Firehouse Theatre’s Amazing Non-Shrinking Violet

I don’t think I’ve been so surprised by a musical since Grey Gardens. Violet is the story of a young woman, making a pilgrimage to Tulsa, Oklahoma, to be healed by a televangelist. When Violet was a girl, a freak accident scarred part of her face. Since then, she’s persevered as best she could, with a dad smart enough to treat her like any other daughter. Other kids at school aren’t so considerate, but she does okay. Most of Violet is set on her long, arduous bus ride, with its strange, funny collection of characters, young and old. She spends time listening to an Old Lady, who has Violet’s interests in mind. She befriends a couple of soldiers, Flick and Monty, and they hang out together, playing cards and drinking beer. The guys are headed back to base, where there’s a strong possibility they’ll be sent to Vietnam.

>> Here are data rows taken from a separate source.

Lemma accepting_bottom_sound : holds z E accepting_bottom -> accepts D (word n e support).
Proof.
move=> /fsetP /(_ z); rewrite teval_cap teval_c0 in_fsetI in_fset1 eqxx /=.
rewrite mem_teval_tbigcup has_map => /esym /hasP [q]; rewrite mem_filter /preim /= teval_state_var.
move=> /andP [qacc _] zq.
have Es : [::] ++ z :: behead (Wsorted support) = Wsorted support.
  by rewrite -(Wsorted_bottom Hz bottom_in_support).
by rewrite /accepts /word -Es -(state_set_run Es zq).
Qed.

End Soundness.

Lemma run_conditions_sound : holds z E run_conditions -> accepts D (word n e support).
Proof. by move=> [Hld [Hll [Hsd [Htr [Hst [Hacc _]]]]]]; exact: accepting_bottom_sound. Qed.

End Witnesses.

Section Completeness.
Local Notation sP := (Wsorted support).

Definition suffix_state p := run D (map (letter n e) (drop (index p sP) sP)).
Definition run_state_set q : {fset I} := [fset p in sP | suffix_state p == q].
Definition run_letter_set a : {fset I} := [fset p in sP | letter n e p == a].
Definition run_witnesses := map run_state_set states ++ map run_letter_set letters.
Local Notation E := (env_cat run_witnesses e).

Lemma in_run_state_set p q : (p \in run_state_set q) = (p \in support) && (suffix_state p == q).
Proof. by rewrite in_fset [LHS]inE /= mem_Wsorted. Qed.

Lemma in_run_letter_set p a : (p \in run_letter_set a) = (p \in support) && (letter n e p == a).
Proof. by rewrite in_fset [LHS]inE /= mem_Wsorted. Qed.

Lemma size_run_witnesses : size run_witnesses = nwit.
Proof. by rewrite /run_witnesses size_cat (size_map run_state_set) (size_map run_letter_set). Qed.

Lemma teval_run_state_var q : teval z E (state_var q) = run_state_set q.
Proof.
rewrite teval_state_var ?size_run_witnesses // /state_set nth_cat (size_map run_state_set).
by rewrite index_mem mem_enum (nth_map q) ?index_mem ?mem_enum // nth_index ?mem_enum.
Qed.

Lemma teval_run_letter_var a : a \in letters -> teval z E (letter_var a) = run_letter_set a.
Proof.
move=> aL; rewrite teval_letter_var ?size_run_witnesses // /letter_set nth_cat (size_map run_state_set).
by rewrite ltnNge leq_addr /= addKn (nth_map a) ?index_mem // nth_index.
Qed.

Lemma suffix_state_cat pre p s :
  pre ++ p :: s = sP -> suffix_state p = run D (map (letter n e) (p :: s)).
Proof. by move=> Es; rewrite /suffix_state -Es index_cat_uniq ?drop_size_cat // Es Wsorted_uniq. Qed.

Lemma letters_disjoint_complete : holds z E letters_disjoint.
Proof.
apply/holds_pairwise_disjoint_form => a b aL bL p.
by rewrite !teval_run_letter_var // !in_run_letter_set => /andP[_ /eqP <-] /andP[_ /eqP <-].
Qed.

Lemma states_disjoint_complete : holds z E states_disjoint.
Proof.
apply/holds_pairwise_disjoint_form => q q' _ _ p.
by rewrite !teval_run_state_var !in_run_state_set => /andP[_ /eqP <-] /andP[_ /eqP <-].
Qed.

Lemma letters_label_complete : holds z E letters_label.
Proof.
apply/holds_fconj_map => i; rewrite mem_iota add0n => iN /=; apply/fsetP => p.
rewrite teval_free_var ?size_run_witnesses // mem_teval_tbigcup has_map.
apply/idP/hasP => [pe | [a]].
  exists (letter n e p); first by rewrite mem_filter nth_letter // pe letter_in_letters.
  rewrite /preim /= teval_run_letter_var ?letter_in_letters // in_run_letter_set eqxx andbT.
  exact: (fsubsetP (fsubset_support iN)).
rewrite mem_filter => /andP[ai aL]; rewrite /preim /= teval_run_letter_var // in_run_letter_set.
by case/andP=> _ /eqP pa; rewrite -(nth_letter _ _ iN) pa.
Qed.

Lemma transitions_complete : holds z E transitions.
Proof.
apply/fsetP => p; rewrite teval_cup teval_max teval_support_term ?size_run_witnesses //.
rewrite in_fsetU mem_teval_tbigcup has_map.
apply/idP/orP => [pP | [/mem_Wmax // | /hasP [a aL]]]; last first.
  rewrite /preim /= mem_teval_tbigcup has_map => /hasP [q' _]; rewrite /preim /= !teval_cap !in_fsetI.
  by rewrite teval_run_state_var in_run_state_set => /andP[/andP[/andP[]]].
have pS : p \in sP by rewrite mem_Wsorted.
have Es := esym (split_at_index pS).
case E: (drop (index p sP).+1 sP) Es => [|p' s] Es.
  by left; apply: (@mem_Wmax_rcons _ _ _ (take (index p sP) sP)); rewrite -cats1.
have [has_succ succp] := Wsucc_cat Es.
have Es' : rcons (take (index p sP) sP) p ++ p' :: s = sP by rewrite cat_rcons.
right; apply/hasP; exists (letter n e p); first exact: letter_in_letters.
rewrite /preim /= mem_teval_tbigcup has_map; apply/hasP; exists (suffix_state p'); first exact: mem_enum.
rewrite /preim /= !teval_cap teval_ips teval_support_term ?size_run_witnesses // !in_fsetI.
rewrite !teval_run_state_var teval_run_letter_var ?letter_in_letters //.
rewrite in_run_letter_set in_Wips pP has_succ succp !in_run_state_set !eqxx /=.
rewrite (suffix_state_cat Es) (suffix_state_cat Es') eqxx !andbT.
by rewrite pP -mem_Wsorted -Es mem_cat !in_cons eqxx !orbT.
Qed.

Lemma start_transitions_complete : holds z E start_transitions.
Proof.
apply/fsetP => p; rewrite teval_cap teval_max teval_support_term ?size_run_witnesses // in_fsetI.
case pM: (p \in Wmax support) => //=; symmetry.
rewrite mem_teval_tbigcup has_map; apply/hasP; exists (letter n e p); first exact: letter_in_letters.
have pP : p \in sP by rewrite mem_Wsorted; apply: mem_Wmax.
case/lastP E: sP pP => [|s x] //= pP.
move: pM; rewrite (Wmax_rcons E) in_fset1 => /eqP px; subst x.
rewrite /preim /= teval_cap in_fsetI teval_run_state_var teval_run_letter_var ?letter_in_letters //.
rewrite in_run_state_set in_run_letter_set -mem_Wsorted E pP eqxx andbT.
have Es : s ++ [:: p] = sP by rewrite E cats1.
by rewrite (suffix_state_cat Es) eqxx.
Qed.

Lemma accepting_bottom_complete : accepts D (word n e support) -> holds z E accepting_bottom.
Proof.
move=> acc; apply/fsetP => p; rewrite teval_cap teval_c0 in_fsetI in_fset1.
case: eqP => [-> | //] /=; symmetry.
have Es : z :: behead sP = sP by rewrite -(Wsorted_bottom Hz bottom_in_support).
rewrite mem_teval_tbigcup has_map; apply/hasP; exists (suffix_state z).
  by rewrite mem_filter mem_enum andbT (@suffix_state_cat [::] _ _ Es) Es.
by rewrite /preim /= teval_run_state_var in_run_state_set bottom_in_support eqxx.
Qed.

Lemma run_conditions_complete : accepts D (word n e support) -> holds z E run_conditions.
Proof.
move=> acc; do !split.
- exact: letters_disjoint_complete.
- exact: letters_label_complete.
- exact: states_disjoint_complete.
- exact: transitions_complete.
- exact: start_transitions_complete.
- exact: accepting_bottom_complete.
Qed.

End Completeness.

End RunFormula.

Unset Implicit Arguments.

Theorem theorem3p6 (d : Order.disp_t) (I : orderType d) (z : I) :
  dense_lo_left0_noright z ->
  forall phi : wform, exists psi : wform,
    pos_ex psi /\
    (forall e : nat -> {fset I}, holds z e phi <-> holds z e psi).
Proof.
case=> Hz Hdense Hright phi; set n := fv_form phi.
have [D DR] := form_recognizable Hz Hdense Hright (leqnn n).
exists (run_formula D n); split; first exact: pos_ex_run_formula.
move=> e; rewrite -(DR e _ (bottom_in_support n z e) (@fsubset_support n _ _ z e)).
rewrite holds_iter_FEx; split => [acc | [ws [sw conds]]].
  exists (run_witnesses D n z e); split; first exact: size_run_witnesses.
  exact: run_conditions_complete.
exact: (run_conditions_sound Hz sw conds).
Qed.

Like Arlie in Marsha Norman’s Getting Out, Violet is accompanied by herself as a girl, a character free to express the intense feeling her adult self cannot. We find song and musical opportunities in unexpected times and places, and a fresh and moving script by Brian Crawley that surprises us again and again. The music by Jeanine Tesori includes, Gospel, Soul and Blues, with vibrant energy and a confident swing from ballad, to celebration to grief. Tesori and Crawley seem to take mischievous pleasure in challenging our preconceived notions of musical theatre. There are no glamorous roles or admirable characters. But neither are there the repugnant or depraved. It reminded me of Flannery O’Connor or Eudora Welty. That unspoken, funny, skeptical wisdom.

Considering the subject matter: faith, catastrophe, surviving without cynicism, I was wondering if Violet might suggest God is the answer. That the miraculous is just around the corner. And it doesn’t say “No” to these. Instead it ponders the possibility that Violet (like the rest of us) might be looking outside herself. That grace might be something more palpable, less ethereal, less abstract. I don’t want to give too much away, but Violet offers comfort in careful consideration of the actual, rather than the vague and lofty. It seeks salvation in glorifying the strength in our shared humanity.

The large cast, under the wise and thoughtful eye of director Ashley Puckett Gonzalez, moved and performed with confidence, focus, and dedication. Some actors played numerous roles and their versatility was a thing of beauty. There were so many, sharp, touching moments and painful episodes captured with precision and presence. Consider the logistics, so many ways Violet could have gone sideways, but didn’t. So much splendid work, so much warmth and compassion. It was entertaining and brilliant.

I wish to thank Firehouse Theatre, who permitted me to attend the last performance of the run. I have never attended a show at Firehouse, that wasn’t impeccable. Honest.